I wouldn't do it at all. Those lug studs and nuts are there for a reason. If your rim only has four that means you have an entire quarter of the rim that is unsupported. That is asking for it. Replacing lug studs is easy. Any mechanic worth his salt would not let you out of the shop without replacing it or making you sign a wavier. They go on very easily, labor and parts on one is cheap.


----------



## toddpedlar (Jul 13, 2009)

Do not do it. Driving with 3 lug nuts on a tire, no matter how tight, is no better than sitting on a four-legged chair, with three tight legs and one that's missing.


----------



## toddpedlar (Jul 13, 2009)

LawrenceU said:


> I wouldn't do it at all. Those lug studs and nuts are there for a reason. If your rim only has four that means you have an entire quarter of the rim that is unsupported. That is asking for it. Replacing lug studs is easy. Any mechanic worth his salt would not let you out of the shop without replacing it or making you sign a wavier. They go on very easily, labor and parts on one is cheap.

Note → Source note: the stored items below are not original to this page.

(* Let $C\subsetneq S^n\subset\mathbb{R}^{n+1}$ be a closed convex subset of the round unit sphere with non-empty interior. Then there is a unique point $x_0\in C$ such that $d(x_0,\partial C)=\sup_{x\in C}d(x,\partial C)$. Moreover, $\sup_{y\in C}d(y,x_0)\le\frac{\pi}{2}$.
   Context: $d$ denotes the spherical (angular) metric on $S^n$; $C$ is convex if it contains the minimal geodesic segment between any two of its points at distance $<\pi$; $\partial C$ is the topological boundary of $C$ in $S^n$. *)

From HB Require Import structures.
From mathcomp Require Import all_boot all_order all_algebra.
From mathcomp Require Import all_classical all_reals all_analysis.
Set Implicit Arguments. Unset Strict Implicit. Unset Printing Implicit Defensive.
Import Order.TTheory GRing.Theory Num.Theory.
Local Open Scope classical_set_scope.
Local Open Scope ring_scope.

Definition dotp (R : realType) (m : nat) (x y : 'rV[R]_m) : R :=
  \sum_(i < m) x 0 i * y 0 i.

Definition sphere (R : realType) (n : nat) : set 'rV[R]_(n.+1) :=
  [set x | dotp x x = 1].

Definition sdist (R : realType) (n : nat) (x y : 'rV[R]_(n.+1)) : R :=
  acos (dotp x y).

(* minimal geodesic segment between x and y (used when sdist x y < pi):
   {x} if x = y, otherwise the great-circle arc
   t |-> (sin((1-t)th) x + sin(t th) y) / sin th, t in [0,1], th = d(x,y). *)
Definition geod_seg (R : realType) (n : nat) (x y : 'rV[R]_(n.+1))
  : set 'rV[R]_(n.+1) :=
  let th := sdist x y in
  [set z | if x == y then z = x else
     exists t : R, 0 <= t <= 1 /\
       z = (sin ((1 - t) * th) / sin th) *: x + (sin (t * th) / sin th) *: y].

Definition sconvex (R : realType) (n : nat) (C : set 'rV[R]_(n.+1)) : Prop :=
  C `<=` @sphere R n /\
  forall x y, C x -> C y -> sdist x y < pi -> geod_seg x y `<=` C.

Definition sclosed (R : realType) (n : nat) (C : set 'rV[R]_(n.+1)) : Prop :=
  forall x, @sphere R n x ->
    (forall e : R, 0 < e -> exists y, C y /\ sdist x y < e) -> C x.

Right. It's also the case that labor on a replacement of a lug stud is much less profitable than the labor on a replacement of an entire rim or axle. (not that your mechanic is aiming for this, but ... )


----------



## ReformedChapin (Jul 13, 2009)

LawrenceU said:


> I wouldn't do it at all. Those lug studs and nuts are there for a reason. If your rim only has four that means you have an entire quarter of the rim that is unsupported. That is asking for it. Replacing lug studs is easy. Any mechanic worth his salt would not let you out of the shop without replacing it or making you sign a wavier. They go on very easily, labor and parts on one is cheap.



I should be more specific the lug stud broke off with the nut because he said I put it on incorrectly. It was more than just a broken nut.

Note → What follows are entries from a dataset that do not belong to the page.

(* Let $P$ be an Eulerian poset of rank $d$. Then $$\sum_{\hat0\le x\le\hat1}B([\hat0,x];u^{-1},v^{-1})(uv)^{\rho(x)}(v-u)^{d-\rho(x)}=\sum_{\hat0\le x\le\hat1}B([x,\hat1];u,v)(uv-1)^{\rho(x)}.$$
   Context: An Eulerian poset is a finite poset with least element $\hat0$, greatest element $\hat1$, all maximal chains of the same length $d$ (the rank), rank function $\rho$, and Möbius function $\mu(x,y)=(-1)^{\rho(y)-\rho(x)}$ for $x\le y$; intervals $[x,y]$ are Eulerian of rank $\rho(y)-\rho(x)$. For Eulerian $Q$ of rank $e$: $G(Q,t)=H(Q,t)=1$ if $e=0$; for $e>0$, $H(Q,t)=\sum_{\hat0<x\le\hat1}(t-1)^{\rho(x)-1}G([x,\hat1],t)$, $G(Q,t)=\tau_{<e/2}((1-t)H(Q,t))$ with $\tau_{<r}(\sum a_it^i)=\sum_{i<r}a_it^i$. $B(Q;u,v)\in\mathbb{Z}[u,v]$ is defined by $B=1$ if $e=0$ and for $e>0$ recursively by $\sum_{\hat0\le x\le\hat1}B([\hat0,x];u,v)u^{e-\rho(x)}G([x,\hat1],u^{-1}v)=G(Q,uv)$. *)

From HB Require Import structures.
From mathcomp Require Import all_boot all_order all_algebra.
Set Implicit Arguments. Unset Strict Implicit. Unset Printing Implicit Defensive.
Import Order.TTheory GRing.Theory Num.Theory.
Local Open Scope ring_scope.

Section Eulerian.
Variables (disp : Order.disp_t) (T : finTBPOrderType disp) (rho : T -> nat).

(* The fuel #|T| exceeds the length of every chain, so it is never exhausted. *)
Fixpoint mobius_fuel (n : nat) (x y : T) : int :=
  if n is n'.+1 then
    if x == y then 1
    else if (x <= y)%O then - \sum_(z : T | (x <= z)%O && (z < y)%O) mobius_fuel n' x z
    else 0
  else 0.

Definition mobius (x y : T) : int := mobius_fuel #|T| x y.

Definition graded_rank : Prop :=
  [/\ rho \bot%O = 0%N,
      forall x y : T, (x < y)%O -> (rho x < rho y)%N
    & forall x y : T, (x < y)%O -> (forall z : T, ~~ ((x < z)%O && (z < y)%O)) ->
        rho y = (rho x).+1 ].

Definition eulerian : Prop :=
  graded_rank /\ forall x y : T, (x <= y)%O -> mobius x y = (-1) ^+ (rho y - rho x).

(* tau_{<r}: keep the coefficients of degree i with i < r;
   i < e/2  <->  i < uphalf e *)
Definition trunc_poly (m : nat) (p : {poly int}) : {poly int} := \poly_(i < m) p`_i.

(* G([x,y], t) with fuel n (any n >= rank of [x,y] works); the interval rank is
   rho y - rho x and the rank of z inside [x,y] is rho z - rho x. *)
Fixpoint G_fuel (n : nat) (x y : T) : {poly int} :=
  if n is n'.+1 then
    let e := (rho y - rho x)%N in
    if e == 0%N then 1
    else
      let H := \sum_(z : T | (x < z)%O && (z <= y)%O)
                 ('X - 1) ^+ (rho z - rho x).-1 * G_fuel n' z y in
      trunc_poly (uphalf e) ((1 - 'X) * H)
  else 1.

Definition Gpoly (x y : T) : {poly int} := G_fuel (rho y - rho x) x y.

Definition Hpoly (x y : T) : {poly int} :=
  if (rho y - rho x == 0)%N then 1
  else \sum_(z : T | (x < z)%O && (z <= y)%O) ('X - 1) ^+ (rho z - rho x).-1 * Gpoly z y.

(* Bivariate polynomials Z[u,v] are {poly {poly int}}: the outer variable is v,
   the inner (coefficient) variable is u. *)
(* g(uv) *)
Definition subst_uv (g : {poly int}) : {poly {poly int}} :=
  \sum_(i < size g) (g`_i *: 'X^i)%:P * 'X^i.
(* u^e g(u^{-1} v), a polynomial since deg g <= e for the G's used below *)
Definition subst_hom (e : nat) (g : {poly int}) : {poly {poly int}} :=
  \sum_(i < size g) (g`_i *: 'X^(e - i))%:P * 'X^i.

(* B([x,y];u,v) from
   sum_{x<=z<=y} B([x,z];u,v) u^{rk[z,y]} G([z,y],u^{-1}v) = G([x,y],uv),
   solved for the z = y term (G of a rank-0 interval is 1). *)
Fixpoint B_fuel (n : nat) (x y : T) : {poly {poly int}} :=
  if n is n'.+1 then
    if (rho y - rho x == 0)%N then 1
    else subst_uv (Gpoly x y)
         - \sum_(z : T | (x <= z)%O && (z < y)%O)
             B_fuel n' x z * subst_hom (rho y - rho z) (Gpoly z y)
  else 1.

Definition Bpoly (x y : T) : {poly {poly int}} := B_fuel (rho y - rho x) x y.

End Eulerian.

Definition evalUV (F : fieldType) (p : {poly {poly int}}) (u v : F) : F :=
  (map_poly (fun c : {poly int} => (map_poly intr c).[u]) p).[v].

(* The proof rests on the reciprocity of the G-polynomials of an Eulerian poset,
     t^{rk[x,y]} G([x,y], t^-1) = sum_{x <= z <= y} (t - 1)^{rk[x,z]} G([z,y], t),
   proved by induction on the rank: the induction hypothesis and the Euler relation
   sum_{x < z <= w} (-1)^{rk[x,z]-1} = 1 make H([x,y]) palindromic of degree rk - 1,
   so (1 - t) H is antipalindromic of degree rk, and G is its truncation below rk/2.

   Let g(w,y) = u^{rk[w,y]} G([w,y], v/u), a unitriangular kernel. The recursion
   defining B reads sum_z B([w,z]; u, v) g(z,y) = G([w,y], uv). Pair both sides of
   the proposition, taken over an arbitrary interval [x,y], with g: the right side
   gives sum_w (uv - 1)^{rk[x,w]} G([w,y], uv) at once; the left side gives the same
   after reciprocity at t = v/u, the recursion of B at (u^-1, v^-1) and reciprocity
   at t = uv. Cancelling the unitriangular kernel yields the identity. *)

From HB Require Import structures.
From mathcomp Require Import all_boot all_order all_algebra.
From mathcomp Require Import zify ring.
Import Order.TTheory GRing.Theory Num.Theory.
Set Implicit Arguments. Unset Strict Implicit. Unset Printing Implicit Defensive.
Local Open Scope ring_scope.

Definition recip (R : nzRingType) (e : nat) (p : {poly R}) : {poly R} :=
  \poly_(i < e.+1) p`_(e - i).

Definition ev (K : fieldType) (t : K) : {rmorphism {poly int} -> K} :=
  GRing.RMorphism.clone _ _ (horner_eval t \o map_poly intr) _.

Lemma evE (K : fieldType) (t : K) p : ev t p = (map_poly intr p).[t].
Proof. by []. Qed.

Lemma ev_X (K : fieldType) (t : K) : ev t 'X = t.
Proof. by rewrite evE map_polyX hornerX. Qed.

BTW the mechanic said it *SHOULDN'T* be a problem. I made a mistake in my original post.


----------



## toddpedlar (Jul 13, 2009)

ReformedChapin said:


> LawrenceU said:
> 
> 
> > I wouldn't do it at all. Those lug studs and nuts are there for a reason. If your rim only has four that means you have an entire quarter of the rim that is unsupported. That is asking for it. Replacing lug studs is easy. Any mechanic worth his salt would not let you out of the shop without replacing it or making you sign a wavier. They go on very easily, labor and parts on one is cheap.
> ...



I understand... and a mechanic that says this should not be trusted. Take it elsewhere (or to him if you still trust him) for replacement. It's just plain stupid to drive a car with a tire on it that is designed for support from four lug nuts with only three supporting it.


----------



## VictorBravo (Jul 13, 2009)

Right, right, right.

By the time it took to get all this information, your average backyard mechanic could have had the bolt replaced and a new nut put on. 

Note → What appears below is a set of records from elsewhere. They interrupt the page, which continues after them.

Lemma gromov2_bisect w k (f : nat -> T) n : (0 < n)%N -> (n <= 2 ^ k)%N ->
  exists2 i, (i < n)%N & (gromov2 w (f i) (f i.+1) <= gromov2 w (f 0%N) (f n) + k * tw)%N.
Proof.
elim: k f n => [|k IHk] f n n_gt0 le_n_2k.
  have -> : n = 1%N by rewrite expn0 in le_n_2k; lia.
  by exists 0%N; rewrite ?mul0n ?addn0.
have [le_n_half | lt_half_n] := leqP n (2 ^ k).
  by have [i lt_in le_i] := IHk f n n_gt0 le_n_half; exists i; lia.
set m := (2 ^ k)%N in lt_half_n.
have m_gt0 : (0 < m)%N by rewrite expn_gt0.
have [i1 lt_i1 le_i1] := IHk f m m_gt0 (leqnn _).
have le_rest : (n - m <= 2 ^ k)%N by rewrite expnS in le_n_2k; lia.
have [i2 lt_i2 le_i2] := IHk (fun j => f (m + j)%N) (n - m)%N ltac:(lia) le_rest.
rewrite addn0 subnKC in le_i2; last lia.
have := gromov2_min_le (f 0%N) (f m) (f n) w.
have [le_left | lt_right] := leqP (gromov2 w (f 0%N) (f m)) (gromov2 w (f m) (f n)).
  by exists i1; rewrite ?mulSn; lia.
by exists (m + i2)%N; rewrite -?addnS ?mulSn; lia.
Qed.

(* If [v] lies on a geodesic between the endpoints, the Gromov product of [f 0] and
   [f n] at [v] vanishes, while that of two neighbours bounds [2 d(f i, v) - 2]. *)
Lemma fwalk_near_geodesic_point f n k v : fwalk (near1 e) f n ->
  (d (f 0%N) v + d v (f n) = d (f 0%N) (f n))%N -> (n <= 2 ^ k)%N ->
  exists2 i, (i <= n)%N & (2 * d (f i) v <= k * tw + 2)%N.
Proof.
move=> walk_f on_geo le_n_2k.
have [n0 | n_gt0] := posnP n.
  by exists 0%N => //; move: on_geo; rewrite n0 gdistxx (gdist_sym e_sym e_conn v); lia.
have [i lt_in le_i] := @gromov2_bisect v k f n n_gt0 le_n_2k.
exists i; first lia.
move: on_geo le_i; rewrite /gromov2 (gdist_sym e_sym e_conn v (f n)).
by have := walk_f i lt_in; have := gdist_triangle e_conn (f i) (f i.+1) v; rewrite /near1; lia.
Qed.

It is no fun having a wheel come off while driving. It's bad for your car, and it's really bad for anybody who might be in the path of the rolling wheel. Talk about a liability nightmare! 

BTW, I once saw a semi-trailer wheel come off as the truck was going about 60. The wheel went right through a trailer court, missing the mobile homes and somehow, by God's grace, passing by a toddler on a trike. It kept going pass the trailer park and bounced up on another highway, barely missing a car, and came to rest in a front yard. Anybody who has messed with truck wheels can appreciate the force behind such an object. A car wheel of say 40 pounds traveling at 30 or 40 mph is pretty deadly too.


----------



## dr_parsley (Jul 13, 2009)

I confess to driving for over a year with 4 out of 5 nuts on one wheel. I did try to replace it but being remote it wasn't easy. I finally was in a big city and went to do it and felt very sheepish when all the nuts were there! I have no idea how it happened and my wife thinks I imagined the whole thing. I'm claiming a miracle! 

Anyway, I agree with the advice. The car should get you to a garage (order ahead so they get the right part if you're remote) but don't drive too fast on your way. I once had two out of four nuts on a wheel (I think someone was trying to kill us) and so I changed it so there were 3 out of 4 on two wheels. I went to get replacements 500km away and the nuts weren't loose when I arrived, but I wouldn't risk it.


----------



## ReformedChapin (Jul 13, 2009)

I'll try to get it fixed as soon as possible. Thanks for the advice.


----------



## Edward (Jul 13, 2009)

My advice would be to find another mechanic. I'm not sure I believe him about whose fault it was, either.


----------



## Berean (Jul 13, 2009)

Edward said:


> My advice would be to find another mechanic. I'm not sure I believe him about whose fault it was, either.



 I wouldn't trust him to fix it correctly.


----------